BRD oder auch die Blackrocktiefen!!!! Meine güte was für eine Scheisse......riesige ini, ca 12.000 bosse , wenn man keinen dabei hat der halbwegs wusste wo es lang geht, war man in dem puff eh schon verloren. und dann noch dieser sch... raum mit den respawnenden zwergen....es gibt keine instanz die ich mehr gehasst habe...alle anderen sowohl zu bc wie auch wotlk fand ich dann eigentich echt cool und das hier viel angeprangerter occulus gehört sogar zu meinen liebsten... .ABER BRD....GOTT WIE ICH ES HASSE !!!!!!


----------



## hey dude (28. Mai 2009)

Meine Hassinstanz zu BC zeiten: Krypta (das Augenfiech. Es verfolgt mich in meinen Träumen: "Hahahaha, deine Zauber nutzlos gegen mich, muhahaha" *kotzwürg*)

In WotLK ist es ganz klar Oculus hero. Einmal nur geschafft für den Titel und dannach nie mehr.


----------



## mckayser (28. Mai 2009)

Ich find HDB eigentlich mit am einfachsten, ähnlich wie früher Mecha würd ich fast sagen. Total nervig finde ich Gundrak Boss1 mit Leuten, die noch nie da waren oder wipen wollen.


----------



## EisblockError (28. Mai 2009)

Ich hasse Naxxramas  jetzt zu 80er Zeiten.

Selbst die Bosse sind Trashmobs.


----------



## Mobius-1337 (28. Mai 2009)

ganz klar uldaman


----------



## Meatwookie (28. Mai 2009)

Ganz klar Oculus, hab die immernoch nicht fürs Achievement, weil meine Gruppe nur mit Bronze Drachen wollte und wir 3 stunden gewiped sind :x


----------



## Kankru (28. Mai 2009)

Finde alle außer Occu toll!

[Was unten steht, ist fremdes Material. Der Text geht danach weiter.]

(* Let $\gamma$ be an ordinal of $\mathrm{OT}$, $\perp\!\!\!\perp$ any pole, and $\beta<\gamma$. For every $\mathcal L_{\mathrm R}^{<\beta}$-sentence $A$ and every number $a$: (1) $\langle{\perp\!\!\!\perp},<\gamma\rangle\models a\,F_\beta\,\ulcorner A\urcorner$ if and only if $\langle{\perp\!\!\!\perp},<\gamma\rangle\models a\in\|A\|$; (2) $\langle{\perp\!\!\!\perp},<\gamma\rangle\models a\,T_\beta\,\ulcorner A\urcorner$ if and only if $\langle{\perp\!\!\!\perp},<\gamma\rangle\models a\in|A|$.
   Context: $\mathcal{L}$ is the language of $\mathsf{PA}$ ($\to,\forall,=$, constant $0$, function symbols for all primitive recursive functions); $\langle x,y\rangle$ primitive recursive pairing with projections $(\cdot)_0,(\cdot)_1$; $e\cdot m\simeq n$: the $e$-th partial recursive function on $m$ halts with output $n$. Fixed Gödel numbering. $\mathrm{OT}$ is a standard notation system for predicative ordinals. $\mathcal L_{\mathrm R}^{<\gamma}$ is $\mathcal L$ plus unary $x\in{\perp\!\!\!\perp}$ and binary $x\,F_\beta\,y$, $x\,T_\beta\,y$ for $\beta<\gamma$; $\mathcal L_{\perp\!\!\!\perp}=\mathcal L\cup\{\in{\perp\!\!\!\perp}\}$; $\mathrm{Sent}^{<\beta}_{\mathrm R}$ is the set of codes of $\mathcal L_{\mathrm R}^{<\beta}$-sentences. Explicit refutation/realisation formulas, by recursion on $A$: $s\in\|P\|:=P\to s\in{\perp\!\!\!\perp}$ ($P$ atomic of $\mathcal L_{\perp\!\!\!\perp}$); $s\in\|t\,F_\beta\,u\|:=s\,F_\beta\,(t\,\dot\in\|u\|)$; $s\in\|t\,T_\beta\,u\|:=s\,F_\beta\,(t\,\dot\in|u|)$; $s\in\|A\to B\|:=(s)_0\in|A|\wedge(s)_1\in\|B\|$; $s\in\|\forall xA(x)\|:=(s)_1\in\|A((s)_0)\|$; $s\in|A|:=\forall a(a\in\|A\|\to\langle s,a\rangle\in{\perp\!\!\!\perp})$; here $x\,\dot\in\|y\|$, $x\,\dot\in|y|$ are primitive recursive function symbols with $x\,\dot\in\|\ulcorner A\urcorner\|=\ulcorner\dot x\in\|A\|\urcorner$ and $x\,\dot\in|\ulcorner A\urcorner|=\ulcorner\dot x\in|A|\urcorner$ ($\dot x$: numeral of $x$) for sentences $A$, returning non-sentence codes when $y$ is not a sentence code. A pole is $\perp\!\!\!\perp\subseteq\mathbb N$ with ($e\cdot m\simeq n$ and $n\in\perp\!\!\!\perp$) $\Rightarrow\langle e,m\rangle\in\perp\!\!\!\perp$. For $\mathcal L_{\mathrm R}^{<\gamma}$-sentences define $\|A\|^{<\gamma}_{\perp\!\!\!\perp}\subseteq\mathbb N$ inductively: $n\in\|s=t\|$ iff ($s=t$ true in $\mathbb N$ implies $n\in\perp\!\!\!\perp$); $n\in\|m\in{\perp\!\!\!\perp}\|$ iff ($m\in\perp\!\!\!\perp$ implies $n\in\perp\!\!\!\perp$); $n\in\|m\,F_\beta\,l\|$ iff $l=\ulcorner A\urcorner$ for some $\mathcal L_{\mathrm R}^{<\beta}$-sentence $A$ and $n\in\|\bar m\in\|A\|\|$; $n\in\|m\,T_\beta\,l\|$ iff $l=\ulcorner A\urcorner$ for some $\mathcal L_{\mathrm R}^{<\beta}$-sentence $A$ and $n\in\|\bar m\in|A|\|$; $\|A\to B\|=\{n:(n)_0\in|A|,(n)_1\in\|B\|\}$; $\|\forall xA\|=\{n:(n)_1\in\|A(\overline{(n)_0})\|\}$; $|A|^{<\gamma}_{\perp\!\!\!\perp}=\{n:\forall m\in\|A\|\ \langle n,m\rangle\in\perp\!\!\!\perp\}$. Let $\mathbb F^\beta=\{(n,\ulcorner A\urcorner):A\in\mathrm{Sent}^{<\beta}_{\mathrm R},n\in\|A\|^{<\gamma}_{\perp\!\!\!\perp}\}$, $\mathbb T^\beta=\{(n,\ulcorner A\urcorner):A\in\mathrm{Sent}^{<\beta}_{\mathrm R},n\in|A|^{<\gamma}_{\perp\!\!\!\perp}\}$. $\langle{\perp\!\!\!\perp},<\gamma\rangle$ denotes the $\mathcal L_{\mathrm R}^{<\gamma}$-structure $\langle\mathbb N,\perp\!\!\!\perp,(\mathbb F^\beta)_{\beta<\gamma},(\mathbb T^\beta)_{\beta<\gamma}\rangle$. *)

From Stdlib Require Import Arith List Cantor ClassicalEpsilon.
Import ListNotations.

Aber es sollte mal ne Horror-Inze geben, so mit Jason, Freddy, den Gritters und sonst welchen Bösen! xD
Ne HelloweenInze, das wär toll^^

Ich weiß, Offtopic und so^^


----------



## Masu2002 (28. Mai 2009)

also gegen HdB als heiler kann ich nichts sagen is mitm schami recht einfach wenn alle beim boss kuscheln und ned laufen . Aber ocu muss ich sagen gefällt mir alls heiler auch nicht da ich lieber mit meinen spells heil als mit dem drachen


----------



## EisblockError (28. Mai 2009)

Wobei ja, Hdb nervt auch.

Hab die bis jetzt nur normal und da wars mir auchschon zu doof.


----------



## Jokkerino (28. Mai 2009)

Gnomeregan (So verstrickt)
Oculus (Nie mehr mit randoms >.<)


----------



## ichbinnichtschuld (28. Mai 2009)

bc und wotlk is alles gut und einfahc aber classic gabs einige mistinis wie maraudon und brt, wo man locker 4h für brauch und man dann abbricht weil vorne mobrespawn is, bevor man beim endboss ist


----------



## sku (28. Mai 2009)

minosha schrieb:


> Uldaman und HDW. Es gibt keine instanz in der ich mich mehr verrant habe.



totally agree...

weigere mich heut noch mit meinen twinks durch die beiden inis zu gehen, maraudon inkl. kommt man auch recht gut drum rum..einfach ne runde länger questen gehen *g*


----------



## UnDead_Destroyer (28. Mai 2009)

hdw^^
Die inni wenn ich jmd ziehn muss igitt   viel zu viel und wie n labyrinth^^


----------



## Esda (29. Mai 2009)

Classic: Maraudon. Ich find kaum den Weg da rein, geschweige denn mich in der Inni selbst zurecht. Naja, Orientierungssinn wie ein toter Hase. Die Quests da drin hab ich bis zu zwei lvl 80ern und mehreren Twinks nicht begriffen und nie zuende gemacht. Warum laufen da denn Zentaurengeister rum? Und wo ist der letzte davon? 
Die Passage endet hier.